[U-Boot] [RFC PATCH] WIP: Simplified device model implementation and demo

Pavel Herrmann morpheus.ibis at gmail.com
Wed Apr 24 18:51:44 CEST 2013


Hello

On Wednesday 24 of April 2013 08:53:09 Simon Glass wrote:
> From: Pavel Herrmann <morpheus.ibis at gmail.com>
> 
> ** Please note that this is very early code. I am sending out an RFC to
> get comments. This is not a commit message. This will only build on sandbox
> and all you can do it try the 'demo' command. I am most interested in
> comments about how to optimise the implementation to minimise impact on
> existing drivers, minimise code bloat and make use of existing knowledge
> users may have another other driver model implementations (e.g. Linux).
> 
> This patch adds a very simple drive model implementation. It is taken from
> the driver model code developed by:
> 
>    Marek Vasut <marex at denx.de>
>    Pavel Herrmann <morpheus.ibis at gmail.com>
>    Viktor Křivák <viktor.krivak at gmail.com>
>    Tomas Hlavacek <tmshlvck at gmail.com>
> 
> and possible others?
> 
> Please see doc/driver-model/README.txt for details of how to run this and
> what to look for.
> 
> You can find a test version of the code used here in branch dm2 at:
> 
>    http://git.denx.de/u-boot-x86.git
> 
> (Branch dm contains the original implementation)
> 
> This patch requires sandbox generic board support and other enhancements.
> 
> Signed-off-by: Simon Glass <sjg at chromium.org>


Thanks for building on our design!

What actually happened (for those who were wondering) is that we sucesfully 
defended the university project part of this (which required us to have a 
working build, that did not necessarily adhere to what would be applicable to 
U-Boot upstream, so we dropped of the map for some time), and then went into 
"rethink and upgrade" mode of operations.

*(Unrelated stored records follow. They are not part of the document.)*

(* Let $\mathbb{X}$ be a complete intersection of type $(d_1,d_2)$ in $\mathbb{P}^1\times\mathbb{P}^1$ over a field $K$ of characteristic zero with $d_1\le d_2$, with coordinates chosen so that $x_0,y_0$ is a regular sequence in $R_{\mathbb{X}}$. Then the first difference function $\Delta$ of $\operatorname{HF}_{\vartheta_{\mathbb{X}}}$ satisfies, for $(i,j)\in\mathbb{N}^2$: $\Delta(i,j)=1$ if $d_1-1\le i\le 2d_1-2$ and $d_2-1\le j\le 2d_2-2$, and $\Delta(i,j)=0$ otherwise.
   Context: $S=K[X_0,X_1,Y_0,Y_1]$ with $\deg X_i=(1,0)$, $\deg Y_i=(0,1)$. $\mathbb{X}$ is a complete intersection of type $(d_1,d_2)$ if its vanishing ideal $I_{\mathbb{X}}$ is generated by bihomogeneous polynomials of degrees $(d_1,0)$ and $(0,d_2)$. $R_{\mathbb{X}}=S/I_{\mathbb{X}}$, $x_i,y_i$ the images of $X_i,Y_i$. The Kähler different $\vartheta_{\mathbb{X}}$ is the ideal of $R_{\mathbb{X}}$ generated by the residue classes of $\frac{\partial F_a}{\partial X_1}\frac{\partial F_b}{\partial Y_1}-\frac{\partial F_b}{\partial X_1}\frac{\partial F_a}{\partial Y_1}$ for bihomogeneous generators $F_1,\dots,F_u$ of $I_{\mathbb{X}}$; $\operatorname{HF}_{\vartheta_{\mathbb{X}}}(i,j)=\dim_K(\vartheta_{\mathbb{X}})_{i,j}$. The first difference function of $H$ is $\Delta H(i,j)=H(i,j)-H(i-1,j)-H(i,j-1)+H(i-1,j-1)$ with $H(i,j)=0$ if $i<0$ or $j<0$. *)

From Stdlib Require Import ClassicalEpsilon.
From mathcomp Require Import all_boot all_order all_algebra.
From mathcomp Require Import mpoly.
Set Implicit Arguments. Unset Strict Implicit. Unset Printing Implicit Defensive.
Import GRing.Theory.
Local Open Scope ring_scope.

(* S = K[X_0,X_1,Y_0,Y_1] is {mpoly K[4]} with variables
   X_0 = 'X_0, X_1 = 'X_1, Y_0 = 'X_2, Y_1 = 'X_3. *)
Definition iX0 : 'I_4 := @Ordinal 4 0 isT.
Definition iX1 : 'I_4 := @Ordinal 4 1 isT.
Definition iY0 : 'I_4 := @Ordinal 4 2 isT.
Definition iY1 : 'I_4 := @Ordinal 4 3 isT.

Section Bigraded.
Variable K : fieldType.
Notation S := {mpoly K[4]}.

Definition mbideg (m : 'X_{1..4}) : nat * nat := (m iX0 + m iX1, m iY0 + m iY1)%N.

(* p is bihomogeneous of degree (i,j) (0 is bihomogeneous of every degree) *)
Definition bihom (i j : nat) (p : S) : Prop :=
  forall m, m \in msupp p -> mbideg m = (i, j).

Definition bicomp (i j : nat) (p : S) : S :=
  \sum_(m <- msupp p | mbideg m == (i, j)) p@_m *: 'X_[m].

(* a point of P^1 x P^1 given by representatives ([a0:a1],[b0:b1]) *)
Definition point_ok (P : (K * K) * (K * K)) : Prop :=
  (P.1 != (0, 0)) /\ (P.2 != (0, 0)).

Definition eval_pt (P : (K * K) * (K * K)) (p : S) : K :=
  p.@[fun k : 'I_4 => match val k with
                      | 0 => P.1.1 | 1 => P.1.2 | 2 => P.2.1 | _ => P.2.2 end].

(* vanishing ideal I_X: the ideal generated by the bihomogeneous polynomials
   vanishing on X; p belongs to it iff all its bihomogeneous components vanish
   at every point of X. *)
Definition in_vanishing_ideal (X : seq ((K * K) * (K * K))) (p : S) : Prop :=
  forall i j P, P \in X -> eval_pt P (bicomp i j p) = 0.

Definition in_ideal (gs : seq S) (p : S) : Prop :=
  exists c : nat -> S, p = \sum_(k < size gs) c k * gs`_k.

(* generators of the ideal of S whose image in R_X is the Kähler different:
   dF_a/dX_1 * dF_b/dY_1 - dF_b/dX_1 * dF_a/dY_1 for generators F_a, F_b *)
Definition kahler_gens (gs : seq S) : seq S :=
  [seq (a^`M(iX1)) * (b^`M(iY1)) - (b^`M(iX1)) * (a^`M(iY1)) | a <- gs, b <- gs].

I can see that you have already implemented some ot he changes I had in mind 
(keeping size of private data as a part of the driver, so relocation can be 
done semi-automatically). I actually had a little more automation in mind 
(specifically the calls to core_replace, or uclass_replace in your naming 
scheme, and core_remove), which would mean that for a driver with a flat 
private data structure (which would be most of them), no relocation hook would 
be needed. Of course, we could arguably remove relocation as a whole, and use 
DM only after the relocation has taken place.

I agree with the naming change, we started wth the instances+cores, and then 
stuck with it (and added some more).

as for (some of) your changes, i would have a few comments:

the driver_instance wrapper around instance was created so that the driver 
itself doesn't have access to its status flags (currently only the activated 
flag) and siblings, as it should need them, and definitely should ever modify 
them. There was no other level of indirection, because the struct instance was 
embedded in struct driver_instance (eg. not a pointer).

I dont see where/if you actually do anything with the private_data_size (didnt 
read the whole yet), but i certianly didnt find it used for smarter relocations 
(see above).
There is one more problem with the DM structures management, which is not 
entirely obvious - there is currently no way to tell whether platform_data is 
in static memory or not (and therefore if it should be relocated/freed. this 
would of course require to remember the size somewhere). this will arise when 
you start handling dynamically generated devices (disks, USB)

As for removal of platform data, this is not possible. You can load them from 
FDT for "static" devices, but it will still be required in dynamic devices 
(again, port number for a disk, USB descriptor number for an USB device). Also 
relocation/deallocation of platform data is not currently handled in DM code, 
which causes a slight memory leak.

driver_activate() should not be called by the user (or bootup routine) at any 
point, instead it should be called by the classes when/before proxying the 
call to the driver specified implementation. We had it in our bootup code only 
to show that it is possible to do selectively.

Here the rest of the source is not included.